Siempre, de un modo u otro, tendremos que sufrir miserias, siempre tendremos necesidad de recibir misericordia y ocasión de ser misericordiosos. San Pedro nos exhorta a vivir alegres en medio de las tribulaciones y adversidades y a saber sufrir, como un modo de acrisolar la propia fe. Todas las miserias que hayamos de soportar (enfermedades, persecuciones, injusticias, humillaciones…) - cuanto menos culpables sean mejor- son una oportunidad privilegiada para que nuestra fe se purifique y se fortalezca. Incluso nos ayudarán a percibir, recibir mejor y agradecer la misericordia de Dios. Es verdad que para vivir esto se necesita ya tener bastante fe.

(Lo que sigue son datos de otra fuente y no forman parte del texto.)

(* Let $q\in[0,1)$, $a\in\mathbb D$, $b_a(z)=\frac{z-a}{1-z\overline a}$ and $b_{a,q}(z)=b_a(\sqrt{1-q}\,z)$. Then the operator $M_{b_{a,q}}$ of multiplication by $b_{a,q}$ is a contraction from $\mathbf H_{2,q}$ into itself; equivalently, the kernel $(1-b_{a,q}(z)\overline{b_{a,q}(w)})E_q(z\overline w)$ is positive definite on $|z|,|w|<1/\sqrt{1-q}$.
   Context: $[0]_q=1$, $[k]_q=1+q+\cdots+q^{k-1}$ ($k\ge1$), $[k]_q!=\prod_{j=1}^k[j]_q$, $[0]_q!=1$. $E_q(x)=\sum_{k\ge0}x^k/[k]_q!=\prod_{j=0}^\infty(1-(1-q)q^jx)^{-1}$ for $|x|<1/(1-q)$. $\mathbf H_{2,q}$ is the reproducing kernel Hilbert space with kernel $E_q(z\overline w)$, consisting of power series $\sum_k a_kz^k$ with $\sum_k[k]_q!|a_k|^2<\infty$; its elements are analytic in $|z|<1/\sqrt{1-q}$. *)

From Stdlib Require Import Reals.
From Coquelicot Require Import Coquelicot.
Open Scope R_scope.

Fixpoint qint (q : R) (k : nat) : R :=
  match k with
  | O => 0
  | S k' => qint q k' + q ^ k'
  end.

Fixpoint qfact (q : R) (k : nat) : R :=
  match k with
  | O => 1
  | S k' => qfact q k' * qint q (S k')
  end.

Definition Eq (q : R) (x : C) : C :=
  (Series (fun k => Re (Cdiv (Cpow x k) (RtoC (qfact q k)))),
   Series (fun k => Im (Cdiv (Cpow x k) (RtoC (qfact q k))))).

Definition blaschke (a z : C) : C :=
  Cdiv (Cminus z a) (Cminus 1 (Cmult z (Cconj a))).

Definition blaschke_q (a : C) (q : R) (z : C) : C :=
  blaschke a (Cmult (RtoC (sqrt (1 - q))) z).

Definition kernel_bq (a : C) (q : R) (z w : C) : C :=
  Cmult (Cminus 1 (Cmult (blaschke_q a q z) (Cconj (blaschke_q a q w))))
        (Eq q (Cmult z (Cconj w))).

Definition pos_def_kernel (D : C -> Prop) (K : C -> C -> C) : Prop :=
  forall (n : nat) (z c : nat -> C),
    (forall i, (i <= n)%nat -> D (z i)) ->
    let s := sum_n (fun i => sum_n (fun j =>
                 Cmult (Cmult (c i) (Cconj (c j))) (K (z i) (z j))) n) n in
    Im s = 0 /\ 0 <= Re s.

From Stdlib Require Import Reals Lra Lia.
From Coquelicot Require Import Coquelicot.
Open Scope R_scope.

(* With u = sqrt(1-q) z and w_i = c_i / (1 - u_i conj a), the Blaschke identity
   1 - b_a(u) conj b_a(v) = (1 - |a|^2) (1 - u conj v) / ((1 - u conj a) conj (1 - v conj a))
   and (1-q) x * x^k/[k]_q! = (1 - q^(k+1)) x^(k+1)/[k+1]_q! turn the k-th term of the
   quadratic form of the kernel into (1 - |a|^2) (U_k - (1 - q^(k+1)) U_(k+1)), where
   U_k = |sum_i w_i z_i^k|^2 / [k]_q! >= 0.  Summing over k leaves the real number
   (1 - |a|^2) (U_0 + sum_k q^(k+1) U_(k+1)) >= 0. *)

Lemma qint_S_ge_1 (q : R) (n : nat) : 0 <= q -> 1 <= qint q (S n).
Proof.
  intros Hq; induction n as [|n IH]; [simpl; lra|].
  change (qint q (S (S n))) with (qint q (S n) + q ^ S n).
  pose proof (pow_le q (S n) Hq); lra.
Qed.

Lemma qint_mul_1_minus (q : R) (n : nat) : qint q n * (1 - q) = 1 - q ^ n.
Proof. induction n as [|n IH]; simpl; [ring|]. rewrite Rmult_plus_distr_r, IH; ring. Qed.

Lemma qfact_gt_0 (q : R) (n : nat) : 0 <= q -> 0 < qfact q n.
Proof.
  intros Hq; induction n as [|n IH]; simpl; [lra|].
  apply Rmult_lt_0_compat; [exact IH|]. pose proof (qint_S_ge_1 q n Hq); simpl in *; lra.
Qed.

(* Ratio test: consecutive terms have ratio [r (1 - q) / (1 - q^(k+1))] --> [r (1 - q)]. *)
Lemma ex_series_pow_div_qfact (q r : R) :
  0 <= q < 1 -> 0 < r -> r * (1 - q) < 1 -> ex_series (fun k => r ^ k / qfact q k).
Proof.
  intros Hq Hr Hrq.
  assert (Hpos : forall k, 0 < r ^ k / qfact q k).
  { intro k. apply Rdiv_lt_0_compat; [apply pow_lt; lra | apply qfact_gt_0; lra]. }
  apply ex_series_ext with (fun k => Rabs (r ^ k / qfact q k)).
  { intro k. apply Rabs_pos_eq, Rlt_le, Hpos. }
  apply ex_series_DAlembert with (r * (1 - q)); [exact Hrq | intro k; apply Rgt_not_eq, Hpos |].
  apply is_lim_seq_ext with (fun k => r * (1 - q) / (1 - q ^ S k)).
  { intro k. rewrite Rabs_pos_eq by (apply Rlt_le, Rdiv_lt_0_compat; apply Hpos).
    pose proof (qfact_gt_0 q k (proj1 Hq)). pose proof (qint_S_ge_1 q k (proj1 Hq)).
    rewrite <- (qint_mul_1_minus q (S k)). change (qfact q (S k)) with (qfact q k * qint q (S k)).
    change (r ^ S k) with (r * r ^ k). field.
    repeat split; try lra. apply pow_nonzero; lra. }
  replace (Finite (r * (1 - q))) with (Finite (r * (1 - q) / (1 - 0))) by (f_equal; field).
  apply is_lim_seq_div'; [apply is_lim_seq_const | | lra].
  apply is_lim_seq_minus'; [apply is_lim_seq_const |].
  apply (is_lim_seq_incr_1 (fun k => q ^ k)), is_lim_seq_geom. rewrite Rabs_pos_eq; lra.
Qed.

Lemma sum_n_Re (t : nat -> C) (n : nat) : sum_n (fun k => Re (t k)) n = Re (sum_n t n).
Proof. induction n as [|n IH]; [rewrite !sum_O | rewrite !sum_Sn, IH]; reflexivity. Qed.

Lemma sum_n_Im (t : nat -> C) (n : nat) : sum_n (fun k => Im (t k)) n = Im (sum_n t n).
Proof. induction n as [|n IH]; [rewrite !sum_O | rewrite !sum_Sn, IH]; reflexivity. Qed.

Lemma is_series_Re (t : nat -> C) (L : C) :
  is_series t L -> is_series (fun k => Re (t k)) (Re L).
Proof.
  intro H. apply (filterlim_ext (fun n => Re (sum_n t n))); [intro; symmetry; apply sum_n_Re |].
  apply filterlim_locally; intro eps.
  generalize (proj1 (filterlim_locally _ _) H eps); apply filter_imp.
  intros n [B _]; exact B.
Qed.

Lemma is_series_Im (t : nat -> C) (L : C) :
  is_series t L -> is_series (fun k => Im (t k)) (Im L).
Proof.
  intro H. apply (filterlim_ext (fun n => Im (sum_n t n))); [intro; symmetry; apply sum_n_Im |].
  apply filterlim_locally; intro eps.
  generalize (proj1 (filterlim_locally _ _) H eps); apply filter_imp.
  intros n [_ B]; exact B.
Qed.

Lemma is_series_RtoC_Im (r : nat -> R) (L : C) : is_series (fun k => RtoC (r k)) L -> Im L = 0.
Proof.
  intro H. rewrite <- (is_series_unique _ _ (is_series_Im _ _ H)).
  rewrite (Series_ext _ (fun _ => 0 * 0)) by (intro; simpl; ring).
  rewrite Series_scal_l; ring.
Qed.

Lemma is_series_sum_n {K : AbsRing} {V : NormedModule K}
  (n : nat) (t : nat -> nat -> V) (L : nat -> V) :
  (forall i, (i <= n)%nat -> is_series (t i) (L i)) ->
  is_series (fun k => sum_n (fun i => t i k) n) (sum_n L n).
Proof.
  induction n as [|n IH]; intro H.
  - rewrite sum_O. apply (is_series_ext (t 0%nat)); [intro; symmetry; apply sum_O | apply H; lia].
  - rewrite sum_Sn. apply (is_series_ext (fun k => plus (sum_n (fun i => t i k) n) (t (S n) k))).
    { intro; symmetry; apply sum_Sn. }
    apply is_series_plus; [apply IH; intros; apply H|apply H]; lia.
Qed.

Lemma RtoC_neq_0 (r : R) : r <> 0 -> RtoC r <> 0%C.
Proof. intros Hr E; apply Hr; injection E; auto. Qed.

Definition Eq_term (q : R) (x : C) (k : nat) : C := Cdiv (Cpow x k) (RtoC (qfact q k)).

Lemma Cmod_Eq_term (q : R) (x : C) (k : nat) :
  0 <= q -> Cmod (Eq_term q x k) = Cmod x ^ k / qfact q k.
Proof.
  intro Hq. pose proof (qfact_gt_0 q k Hq).
  unfold Eq_term. rewrite Cmod_div, Cmod_pow, Cmod_R, Rabs_pos_eq by (lra || apply RtoC_neq_0; lra).
  reflexivity.
Qed.

Lemma is_series_Eq (q : R) (x : C) :
  0 <= q < 1 -> Cmod x * (1 - q) < 1 -> is_series (Eq_term q x) (Eq q x).
Proof.
  intros Hq Hx. pose proof (Cmod_ge_0 x).
  set (r := (Cmod x + 1 / (1 - q)) / 2).
  assert (Hr : Cmod x < r /\ r * (1 - q) < 1).
  { assert (Cmod x < 1 / (1 - q)) by (apply Rmult_lt_reg_r with (1 - q); field_simplify; lra).
    unfold r; split; [lra|]. field_simplify; lra. }
  assert (Hex : ex_series (Eq_term q x)).
  { apply (ex_series_le (V := C_CompleteNormedModule)) with (fun k => r ^ k / qfact q k).
    - intro k. change norm with Cmod. rewrite Cmod_Eq_term by lra.
      apply Rmult_le_compat_r; [apply Rlt_le, Rinv_0_lt_compat, qfact_gt_0; lra |].
      apply pow_incr; lra.
    - apply ex_series_pow_div_qfact; lra. }
  destruct Hex as [L HL].
  replace (Eq q x) with L; [exact HL |].
  unfold Eq.
  change (fun k => Re (Cdiv (Cpow x k) (RtoC (qfact q k)))) with (fun k => Re (Eq_term q x k)).
  change (fun k => Im (Cdiv (Cpow x k) (RtoC (qfact q k)))) with (fun k => Im (Eq_term q x k)).
  rewrite (is_series_unique _ _ (is_series_Re _ _ HL)).
  rewrite (is_series_unique _ _ (is_series_Im _ _ HL)).
  destruct L; reflexivity.
Qed.

Lemma Cconj_RtoC (r : R) : Cconj (RtoC r) = RtoC r.
Proof. unfold Cconj, RtoC; simpl; f_equal; ring. Qed.

Lemma Cconj_neq_0 (w : C) : w <> 0%C -> Cconj w <> 0%C.
Proof. intros Hw E. apply Hw. rewrite <- (Cconj_conj w), E. apply Cconj_RtoC. Qed.

Lemma sum_n_Cconj (w : nat -> C) (n : nat) : Cconj (sum_n w n) = sum_n (fun i => Cconj (w i)) n.
Proof.
  induction n as [|n IH]; [rewrite !sum_O | rewrite !sum_Sn, <- IH; apply Cplus_conj]; reflexivity.
Qed.

Open Scope C_scope.

Lemma sum_n_gram (w : nat -> C) (n : nat) :
  sum_n (fun i => sum_n (fun j => w i * Cconj (w j)) n) n = RtoC (Cmod (sum_n w n) ^ 2).
Proof.
  rewrite (Cmod2_conj (sum_n w n)), sum_n_Cconj.
  transitivity (sum_n (fun i => w i * sum_n (fun j => Cconj (w j)) n) n).
  - apply sum_n_ext; intro i. apply (sum_n_mult_l (K := C_Ring)).
  - apply (sum_n_mult_r (K := C_Ring)).
Qed.

Lemma blaschke_kernel (a u v : C) :
  1 - u * Cconj a <> 0 -> 1 - v * Cconj a <> 0 ->
  1 - blaschke a u * Cconj (blaschke a v)
  = RtoC (1 - Cmod a ^ 2) * (1 - u * Cconj v) / ((1 - u * Cconj a) * Cconj (1 - v * Cconj a)).
Proof.
  intros Hu Hv. pose proof (Cconj_neq_0 _ Hv) as Hv'.
  unfold blaschke. rewrite Cdiv_conj by exact Hv.
  rewrite RtoC_minus, Cmod2_conj, !Cminus_conj, !Cmult_conj, Cconj_conj, Cconj_RtoC in *.
  field. split; assumption.
Qed.

Lemma Eq_term_S (q : R) (x : C) (k : nat) :
  (0 <= q < 1)%R -> RtoC (1 - q) * x * Eq_term q x k = RtoC (1 - q ^ S k) * Eq_term q x (S k).
Proof.
  intro Hq. pose proof (qfact_gt_0 q k (proj1 Hq)). pose proof (qint_S_ge_1 q k (proj1 Hq)).
  unfold Eq_term. rewrite Cpow_S. change (qfact q (S k)) with (qfact q k * qint q (S k))%R.
  rewrite <- (qint_mul_1_minus q (S k)), !RtoC_mult, RtoC_minus.
  field. split; apply RtoC_neq_0; lra.
Qed.

Lemma sum_n_Cmult_minus (al be : C) (f g : nat -> C) (n : nat) :
  sum_n (fun i => al * (f i - be * g i)) n = al * (sum_n f n - be * sum_n g n).
Proof.
  induction n as [|n IH]; [rewrite !sum_O; reflexivity |].
  rewrite !sum_Sn, IH. change plus with Cplus.
  match goal with |- ?l = ?r => change (@eq C l r) end. ring.
Qed.

Lemma Cminus_1_mul_Cconj_neq_0 (u a : C) : (Cmod u < 1)%R -> (Cmod a < 1)%R -> 1 - u * Cconj a <> 0.
Proof.
  intros Hu Ha E.
  assert (Hua : u * Cconj a = 1) by (symmetry; apply Ceq_minus, E).
  assert (Hlt : (Cmod (u * Cconj a) < 1)%R).
  { rewrite Cmod_mult, Cmod_conj. pose proof (Cmod_ge_0 u). pose proof (Cmod_ge_0 a). nra. }
  rewrite Hua, Cmod_1 in Hlt. lra.
Qed.

Section Kernel_expansion.

Variables (q : R) (a : C) (n : nat) (z c : nat -> C).
Hypothesis Hq : (0 <= q < 1)%R.
Hypothesis Ha : (Cmod a < 1)%R.
Hypothesis Hz : forall i, (i <= n)%nat -> (Cmod (z i) < 1 / sqrt (1 - q))%R.

Lemma Cmod_scaled_point_lt_1 (i : nat) : (i <= n)%nat -> (Cmod (sqrt (1 - q) * z i) < 1)%R.
Proof.
  intro Hi. pose proof (Hz i Hi). assert (Hs : (0 < sqrt (1 - q))%R) by (apply sqrt_lt_R0; lra).
  rewrite Cmod_mult, Cmod_R, Rabs_pos_eq by lra.
  apply Rmult_lt_reg_r with (/ sqrt (1 - q))%R; [apply Rinv_0_lt_compat, Hs|].
  field_simplify; lra.
Qed.

Lemma Cmod_point_product_lt (i j : nat) :
  (i <= n)%nat -> (j <= n)%nat -> (Cmod (z i * Cconj (z j)) * (1 - q) < 1)%R.
Proof.
  intros Hi Hj.
  pose proof (Cmod_scaled_point_lt_1 i Hi) as Hzi. pose proof (Cmod_scaled_point_lt_1 j Hj) as Hzj.
  rewrite Cmod_mult, Cmod_R, Rabs_pos_eq in Hzi, Hzj by (apply sqrt_pos).
  rewrite Cmod_mult, Cmod_conj, <- (sqrt_sqrt (1 - q)) by lra.
  replace (Cmod (z i) * Cmod (z j) * (sqrt (1 - q) * sqrt (1 - q)))%R
    with ((sqrt (1 - q) * Cmod (z i)) * (sqrt (1 - q) * Cmod (z j)))%R by ring.
  assert (0 <= sqrt (1 - q) * Cmod (z i))%R
    by (apply Rmult_le_pos; [apply sqrt_pos | apply Cmod_ge_0]).
  nra.
Qed.

Lemma blaschke_q_denominator_neq_0 (i : nat) :
  (i <= n)%nat -> 1 - sqrt (1 - q) * z i * Cconj a <> 0.
Proof. intro Hi. apply Cminus_1_mul_Cconj_neq_0; [apply Cmod_scaled_point_lt_1 |]; assumption. Qed.

Definition blaschke_q_weight (i : nat) : C := c i / (1 - sqrt (1 - q) * z i * Cconj a).

Definition gram_term (k : nat) : R :=
  (Cmod (sum_n (fun i => (blaschke_q_weight i * z i ^ k)%C) n) ^ 2 / qfact q k)%R.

¡Dichosos los que creen sin haber visto! (evangelio)
Este domingo ha sido llamado también el domingo de Tomás o el domingo de la fe. Tomás no quiere creer que Jesús ha resucitado. “Hemos visto al Señor” le dicen los otros discípulos, llenos de alegría. Aquel cambio operado en sus compañeros debería haberle bastado para creer, pero no, Tomás quiere ver y tocar, quiere incluso meter su dedo en los agujeros de los clavos. A Tomás algunos lo utilizan para justificar su propia incredulidad: “yo, como santo Tomás, si no veo no lo creo”. Ciertamente podemos verlo como un símbolo de la incredulidad o increencia actual; los –digamos- intelectuales y científicos quieren ver con su inteligencia o con sus investigaciones históricas, biológicas, físicas… Hay algunos empeñados no en buscar con sinceridad la Verdad sino en conseguir pruebas “científicas” que demuestren que Dios no existe o, al menos, que no es necesario. Y respecto de Jesucristo hay un empeño persistente –diabólico- en demostrar que lo que la Iglesia cree y anuncia sobre Él es, en gran parte, mentira, sin fundamento histórico, o sólo una parte del verdadero Jesús que ahora ellos quieren presentar con “nuevos documentos históricos recientemente descubiertos” o con novelas presentadas como investigación histórica.
Y todos o la mayoría, un poco más o poco menos, queremos al menos ver a Jesús, tocarle, con sentimientos y experiencias espirituales: “que yo lo sienta…, que yo tenga una sanación…, que se me muestre aunque sea en un sueño…”. Hay un movimiento, incluso entre los católicos, de búsqueda de experiencias espirituales sensibles y gratificantes para creer o confirmar la propia fe en Jesús. Tomás lo único que quería era palpar sus llagas. Al menos Tomás nos enseña que a Jesús le vamos a ver y tocar mejor en las cicatrices de la pasión, en la propia cruz o en la cruz ajena, que en experiencias sensibles y sentimientos espirituales. Si no estamos todavía dispuestos para la dicha de creer sin ver, no le pidamos al Señor Resucitado milagros ni pruebas subjetivas sensibles, pidámosle únicamente que nos deje ver y tocar las huellas de los clavos y la lanza.